[Exercise aim] Please output the section of the listing below that opens with the line containing "- by have := nilF0 a b; rewrite mul1mx." and closes with the line containing "(* The Hausdorff", exactly and with nothing else.

┌──

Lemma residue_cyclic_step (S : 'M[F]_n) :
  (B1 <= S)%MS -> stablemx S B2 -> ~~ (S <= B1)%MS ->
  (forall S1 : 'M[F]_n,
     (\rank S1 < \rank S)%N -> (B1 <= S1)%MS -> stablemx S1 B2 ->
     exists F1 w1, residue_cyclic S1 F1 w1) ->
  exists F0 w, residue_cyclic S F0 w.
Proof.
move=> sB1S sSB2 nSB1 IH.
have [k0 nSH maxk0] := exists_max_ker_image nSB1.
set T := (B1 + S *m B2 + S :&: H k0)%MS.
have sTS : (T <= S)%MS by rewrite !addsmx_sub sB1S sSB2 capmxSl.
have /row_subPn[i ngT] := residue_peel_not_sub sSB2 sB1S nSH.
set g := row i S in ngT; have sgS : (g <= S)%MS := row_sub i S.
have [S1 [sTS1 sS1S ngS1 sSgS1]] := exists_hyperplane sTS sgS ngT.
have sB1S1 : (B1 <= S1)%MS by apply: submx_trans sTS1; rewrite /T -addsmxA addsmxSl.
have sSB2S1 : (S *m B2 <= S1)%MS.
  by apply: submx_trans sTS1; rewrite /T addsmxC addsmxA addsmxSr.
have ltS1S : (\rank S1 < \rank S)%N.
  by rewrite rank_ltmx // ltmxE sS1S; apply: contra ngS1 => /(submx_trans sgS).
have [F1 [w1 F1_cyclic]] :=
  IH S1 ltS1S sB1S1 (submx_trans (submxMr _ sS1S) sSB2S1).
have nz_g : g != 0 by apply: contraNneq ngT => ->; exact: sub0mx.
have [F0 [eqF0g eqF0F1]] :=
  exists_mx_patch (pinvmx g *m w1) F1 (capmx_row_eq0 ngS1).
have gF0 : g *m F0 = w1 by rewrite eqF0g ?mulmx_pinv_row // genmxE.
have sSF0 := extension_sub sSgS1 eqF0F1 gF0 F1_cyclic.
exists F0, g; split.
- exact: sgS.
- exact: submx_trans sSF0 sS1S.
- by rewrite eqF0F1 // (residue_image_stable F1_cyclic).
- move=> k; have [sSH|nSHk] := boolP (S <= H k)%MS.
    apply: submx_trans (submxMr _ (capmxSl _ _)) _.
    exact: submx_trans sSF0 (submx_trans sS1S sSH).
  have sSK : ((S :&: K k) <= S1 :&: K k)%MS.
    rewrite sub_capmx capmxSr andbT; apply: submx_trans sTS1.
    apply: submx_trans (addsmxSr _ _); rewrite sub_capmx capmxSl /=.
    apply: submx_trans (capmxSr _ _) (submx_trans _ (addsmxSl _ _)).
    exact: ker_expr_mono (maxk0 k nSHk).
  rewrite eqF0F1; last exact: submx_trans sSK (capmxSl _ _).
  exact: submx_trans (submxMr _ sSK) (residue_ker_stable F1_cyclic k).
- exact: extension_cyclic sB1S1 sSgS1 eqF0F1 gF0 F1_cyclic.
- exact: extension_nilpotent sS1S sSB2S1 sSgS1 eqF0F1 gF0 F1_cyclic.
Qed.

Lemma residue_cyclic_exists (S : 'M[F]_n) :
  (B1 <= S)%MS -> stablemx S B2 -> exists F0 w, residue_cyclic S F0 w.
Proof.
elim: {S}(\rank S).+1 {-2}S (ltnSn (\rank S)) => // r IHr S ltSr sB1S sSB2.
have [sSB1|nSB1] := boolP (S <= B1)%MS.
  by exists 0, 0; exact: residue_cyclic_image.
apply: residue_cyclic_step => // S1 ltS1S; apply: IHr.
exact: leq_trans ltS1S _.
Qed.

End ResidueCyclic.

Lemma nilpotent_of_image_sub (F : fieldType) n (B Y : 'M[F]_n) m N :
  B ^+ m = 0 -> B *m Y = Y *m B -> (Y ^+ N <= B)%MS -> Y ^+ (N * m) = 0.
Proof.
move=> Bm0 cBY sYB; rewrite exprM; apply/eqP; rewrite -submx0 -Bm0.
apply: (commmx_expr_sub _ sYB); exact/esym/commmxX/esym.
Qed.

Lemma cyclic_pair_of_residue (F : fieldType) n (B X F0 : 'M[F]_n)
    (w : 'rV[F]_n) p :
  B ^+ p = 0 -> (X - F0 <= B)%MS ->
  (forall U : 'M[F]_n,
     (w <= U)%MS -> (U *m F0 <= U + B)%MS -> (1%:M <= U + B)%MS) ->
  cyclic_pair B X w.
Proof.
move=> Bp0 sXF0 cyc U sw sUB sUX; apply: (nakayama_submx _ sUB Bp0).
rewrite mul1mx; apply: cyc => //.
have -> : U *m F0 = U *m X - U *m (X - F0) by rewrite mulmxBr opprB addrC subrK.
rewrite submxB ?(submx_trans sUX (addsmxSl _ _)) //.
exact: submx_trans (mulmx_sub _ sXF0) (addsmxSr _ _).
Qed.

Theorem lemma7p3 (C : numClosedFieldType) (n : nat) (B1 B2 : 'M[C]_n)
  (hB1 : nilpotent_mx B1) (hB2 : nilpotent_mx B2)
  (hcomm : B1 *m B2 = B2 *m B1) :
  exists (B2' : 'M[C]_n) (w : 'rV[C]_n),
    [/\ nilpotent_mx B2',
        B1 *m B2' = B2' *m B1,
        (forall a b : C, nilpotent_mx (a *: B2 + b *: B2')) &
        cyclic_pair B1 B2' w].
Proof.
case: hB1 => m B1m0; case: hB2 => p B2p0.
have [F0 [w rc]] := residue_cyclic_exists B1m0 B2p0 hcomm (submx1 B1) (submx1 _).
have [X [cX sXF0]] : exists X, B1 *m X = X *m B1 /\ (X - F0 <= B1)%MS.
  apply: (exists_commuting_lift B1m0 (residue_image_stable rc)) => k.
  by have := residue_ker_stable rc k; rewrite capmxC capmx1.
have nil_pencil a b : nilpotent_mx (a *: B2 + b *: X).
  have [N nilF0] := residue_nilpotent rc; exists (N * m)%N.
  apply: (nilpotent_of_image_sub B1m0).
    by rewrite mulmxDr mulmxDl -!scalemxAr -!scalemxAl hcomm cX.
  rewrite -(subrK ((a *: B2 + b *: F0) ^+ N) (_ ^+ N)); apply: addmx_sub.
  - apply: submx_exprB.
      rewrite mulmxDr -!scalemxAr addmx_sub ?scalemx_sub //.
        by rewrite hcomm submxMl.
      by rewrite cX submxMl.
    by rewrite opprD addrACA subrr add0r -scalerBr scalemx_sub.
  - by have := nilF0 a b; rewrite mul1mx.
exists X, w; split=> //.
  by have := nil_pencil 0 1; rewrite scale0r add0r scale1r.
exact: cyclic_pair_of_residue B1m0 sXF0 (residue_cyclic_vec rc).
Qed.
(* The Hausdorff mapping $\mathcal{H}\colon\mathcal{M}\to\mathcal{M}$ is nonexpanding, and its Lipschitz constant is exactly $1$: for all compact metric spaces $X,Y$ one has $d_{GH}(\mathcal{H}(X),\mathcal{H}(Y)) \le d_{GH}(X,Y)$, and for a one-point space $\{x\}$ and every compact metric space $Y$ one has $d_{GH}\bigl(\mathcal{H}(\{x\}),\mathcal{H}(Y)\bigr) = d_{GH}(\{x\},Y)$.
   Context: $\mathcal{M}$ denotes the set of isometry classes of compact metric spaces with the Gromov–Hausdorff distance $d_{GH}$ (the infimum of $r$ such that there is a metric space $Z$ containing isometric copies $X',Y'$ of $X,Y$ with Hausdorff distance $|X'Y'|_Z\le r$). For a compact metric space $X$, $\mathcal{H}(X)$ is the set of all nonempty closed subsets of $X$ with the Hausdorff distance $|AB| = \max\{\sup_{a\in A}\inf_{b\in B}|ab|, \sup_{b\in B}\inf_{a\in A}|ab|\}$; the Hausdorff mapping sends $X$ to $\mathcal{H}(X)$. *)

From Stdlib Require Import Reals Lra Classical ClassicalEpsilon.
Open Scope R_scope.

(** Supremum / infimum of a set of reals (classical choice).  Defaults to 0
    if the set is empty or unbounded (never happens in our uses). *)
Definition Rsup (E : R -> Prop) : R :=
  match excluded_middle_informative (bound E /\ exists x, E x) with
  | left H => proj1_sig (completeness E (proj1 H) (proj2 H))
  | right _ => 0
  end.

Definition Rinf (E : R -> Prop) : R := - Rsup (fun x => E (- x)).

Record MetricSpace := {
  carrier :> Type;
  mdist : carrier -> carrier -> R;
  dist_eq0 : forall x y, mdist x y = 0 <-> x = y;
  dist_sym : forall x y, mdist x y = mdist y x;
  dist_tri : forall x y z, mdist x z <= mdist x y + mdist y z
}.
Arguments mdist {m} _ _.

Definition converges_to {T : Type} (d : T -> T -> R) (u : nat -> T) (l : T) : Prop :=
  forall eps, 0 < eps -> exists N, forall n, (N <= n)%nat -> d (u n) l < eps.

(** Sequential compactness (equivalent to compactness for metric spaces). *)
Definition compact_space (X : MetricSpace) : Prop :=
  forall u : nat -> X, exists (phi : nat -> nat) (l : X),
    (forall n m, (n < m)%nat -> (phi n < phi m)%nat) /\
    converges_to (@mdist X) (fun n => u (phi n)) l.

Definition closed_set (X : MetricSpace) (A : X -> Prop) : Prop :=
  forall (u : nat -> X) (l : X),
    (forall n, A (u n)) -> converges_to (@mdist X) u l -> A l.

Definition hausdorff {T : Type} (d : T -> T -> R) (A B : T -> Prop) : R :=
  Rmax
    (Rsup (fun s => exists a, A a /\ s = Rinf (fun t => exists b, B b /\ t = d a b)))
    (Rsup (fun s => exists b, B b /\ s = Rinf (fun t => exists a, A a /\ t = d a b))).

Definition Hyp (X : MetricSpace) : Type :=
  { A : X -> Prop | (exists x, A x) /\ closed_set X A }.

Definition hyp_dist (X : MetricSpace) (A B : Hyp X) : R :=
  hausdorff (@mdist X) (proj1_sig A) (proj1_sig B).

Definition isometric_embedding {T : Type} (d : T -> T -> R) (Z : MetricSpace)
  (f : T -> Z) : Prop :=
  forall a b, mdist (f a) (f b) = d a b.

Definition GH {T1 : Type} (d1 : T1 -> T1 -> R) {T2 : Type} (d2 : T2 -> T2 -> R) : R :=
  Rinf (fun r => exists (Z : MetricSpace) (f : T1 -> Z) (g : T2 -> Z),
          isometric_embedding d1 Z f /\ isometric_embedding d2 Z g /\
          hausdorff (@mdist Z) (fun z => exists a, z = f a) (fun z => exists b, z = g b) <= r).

└──

[Completed exercise]
  - by have := nilF0 a b; rewrite mul1mx.
exists X, w; split=> //.
  by have := nil_pencil 0 1; rewrite scale0r add0r scale1r.
exact: cyclic_pair_of_residue B1m0 sXF0 (residue_cyclic_vec rc).
Qed.
(* The Hausdorff mapping $\mathcal{H}\colon\mathcal{M}\to\mathcal{M}$ is nonexpanding, and its Lipschitz constant is exactly $1$: for all compact metric spaces $X,Y$ one has $d_{GH}(\mathcal{H}(X),\mathcal{H}(Y)) \le d_{GH}(X,Y)$, and for a one-point space $\{x\}$ and every compact metric space $Y$ one has $d_{GH}\bigl(\mathcal{H}(\{x\}),\mathcal{H}(Y)\bigr) = d_{GH}(\{x\},Y)$.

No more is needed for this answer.